Figures
Abstract
Measurement of viscosity of crude oil is critical for reservoir simulators. Computational modeling is a useful tool for correlation of crude oil viscosity to reservoir conditions such as pressure, temperature, and fluid compositions. In this work, multiple distinct models are applied to the available dataset to predict heavy-oil viscosity as function of a variety of process parameters and oil properties. The computational techniques utilized in this work are Decision Tree (DT), MLP, and GRNN which were utilized in estimation of heavy crude oil samples collected from middle eastern oil fields. For the estimation of viscosity, the firefly algorithm (FA) was employed to optimize the hyper-parameters of the machine learning models. The RMSE error rates for the final models of DT, MLP, and GRNN are 40.52, 25.08, and 30.83, respectively. Also, the R2-scores are 0.921, 0. 978, and 0.933, respectively. Based on this and other criteria, MLP is chosen as the best model for this study in estimating the values of crude oil viscosity.
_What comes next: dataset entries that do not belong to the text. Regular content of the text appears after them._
(* Let $N$ be the generalised Cartan matrix of type $A_r$ ($r\ge1$) or $A^{(1)}_{r-1}$ ($r\ge 2$), and let $\mathfrak h$, $\alpha_i$, $Z$, $\mathcal A$, $v_1,\dots,v_r$ be as in the context, with $F:\mathfrak h\to\mathrm{Der}(\mathcal A)$ a Lie algebra homomorphism such that $\ker F=Z$ and $F(H)(v_i)=\alpha_i(H)v_i$. Then Problem 1 has a solution, and the set of solutions (tuples $(\delta_1,\dots,\delta_r,\delta_{-1},\dots,\delta_{-r})\in(\mathrm{Im}\,F)^{2r}$ solving Problem 1) is in one-to-one correspondence with the set of solution matrices of $N$.
   Context: The generalised Cartan matrix of type $A_r$ ($r\ge1$) is the $r\times r$ matrix $N=[n(i,j)]$ with $2$ on the diagonal, $-1$ in positions $(i,i\pm1)$ and $0$ elsewhere; that of type $A^{(1)}_1$ is $\begin{pmatrix}2&-2\\-2&2\end{pmatrix}$; that of type $A^{(1)}_{r-1}$ ($r\ge3$) has $2$ on the diagonal, $-1$ in positions $(i,i\pm1)$ and $(1,r),(r,1)$, $0$ elsewhere. A solution matrix of $N$ is an $r\times r$ complex matrix $A=[A_{ij}]$ with all $A_{ii}\ne0$ such that $A'=[A_{ij}/A_{jj}]$ satisfies: $A'_{ij}\in\{0,-1\}$ for $i\ne j$; $A'_{ij}+A'_{ji}=n(j,i)$; and if $A'_{ij}=-1$ then the $i$-th row and $j$-th column of $A'$ have no other entries $-1$. Let $s$ be the corank of $N$, $\mathfrak h$ the complex vector space with basis $H_1,\dots,H_{r+s}$, $\alpha_1,\dots,\alpha_r\in\mathfrak h^*$ linearly independent with $\alpha_j(H_i)=n(i,j)$ ($1\le i,j\le r$), and $Z=\bigcap_i\ker\alpha_i$. $\mathcal A$ is a complex commutative algebra, $\mathrm{Der}(\mathcal A)$ its Lie algebra of derivations; for $a\in\mathcal A$, $D\in\mathrm{Der}(\mathcal A)$, $aD$ is $b\mapsto aD(b)$; $v_1,\dots,v_r\in\mathcal A$ are invertible. A solution of Problem 1 is a tuple $\delta_1,\dots,\delta_r,\delta_{-1},\dots,\delta_{-r}\in\mathrm{Im}\,F$ such that, with $\mathbf H_a=F(H_a)$, $\mathbf X_i=v_i\delta_i$, $\mathbf X_{-i}=v_i^{-1}\delta_{-i}$: (a) $[\mathbf H_a,\mathbf H_b]=0$; (b) $[\mathbf X_i,\mathbf X_{-i}]=\mathbf H_i$, $[\mathbf X_i,\mathbf X_{-j}]=0$ ($i\ne j$); (c) $[\mathbf H_a,\mathbf X_{\pm j}]=\pm\alpha_j(H_a)\mathbf X_{\pm j}$; (d) $\mathrm{ad}(\mathbf X_i)^{1-n(i,j)}(\mathbf X_j)=0$ ($i\ne j$); (e) $\mathrm{ad}(\mathbf X_{-i})^{1-n(i,j)}(\mathbf X_{-j})=0$ ($i\ne j$). *)

(* Complex numbers are modelled as R[i] (complex.v of
   mathcomp-real-closed) over an arbitrary model R of the reals (realType). *)
From HB Require Import structures.
From mathcomp Require Import all_boot all_order all_algebra.
From mathcomp Require Import reals.
From mathcomp Require Import complex.
Set Implicit Arguments. Unset Strict Implicit. Unset Printing Implicit Defensive.
Import Order.TTheory GRing.Theory Num.Theory.
Local Open Scope ring_scope.

Inductive cartan_type := TypeA | TypeA1 (* A^{(1)}_{r-1} *).

(* n(i,j) for indices i j : 'I_r (0-based; the paper's index i+1). *)
Definition cartan_entry (t : cartan_type) (r : nat) (i j : 'I_r) : int :=
  if i == j then 2
  else match t with
       | TypeA => if (i.+1 == j :> nat) || (j.+1 == i :> nat) then -1 else 0
       | TypeA1 =>
           if r == 2%N then -2
           else if (i.+1 == j :> nat) || (j.+1 == i :> nat)
                   || ((i == 0%N :> nat) && (j == r.-1 :> nat))
                   || ((j == 0%N :> nat) && (i == r.-1 :> nat))
                then -1 else 0
       end.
Citation: Li D, Zhang X, Kang Q (2023) Machine learning estimation of crude oil viscosity as function of API, temperature, and oil composition: Model optimization and design space. PLoS ONE 18(2): e0282084. https://doi.org/10.1371/journal.pone.0282084
Editor: Lu Peng, Wuhan University of Technology, CHINA
Received: January 17, 2023; Accepted: February 7, 2023; Published: February 17, 2023
Copyright: © 2023 Li et al. This is an open access article distributed under the terms of the Creative Commons Attribution License, which permits unrestricted use, distribution, and reproduction in any medium, provided the original author and source are credited.
Data Availability: All relevant data are within the paper.
Funding: The authors received no specific funding for this work.
Competing interests: The authors have declared that no competing interests exist.
1. Introduction
For simulation of oil flow in different media such as in the well, pipeline, and processing, the viscosity of oil plays crucial role, and the accuracy of simulations depends on the accuracy of viscosity determination. Indeed, robust, and reliable models are required to estimate the viscosity of oils (e.g., crude oils) for a wide range of oil sources. Sometimes, the gas might be dissolved in the oil, and its viscosity estimation would be challenging. Khemka et al. [1] proposed a method for viscosity modeling of light crude oils containing dissolved gas. They used one-parameter friction theory for estimation of viscosity of oil under gas injection. The accuracy of the viscosity prediction is of great importance, and unrealistic models would make pitfalls in simulation of oil behavior such as those in the reservoir.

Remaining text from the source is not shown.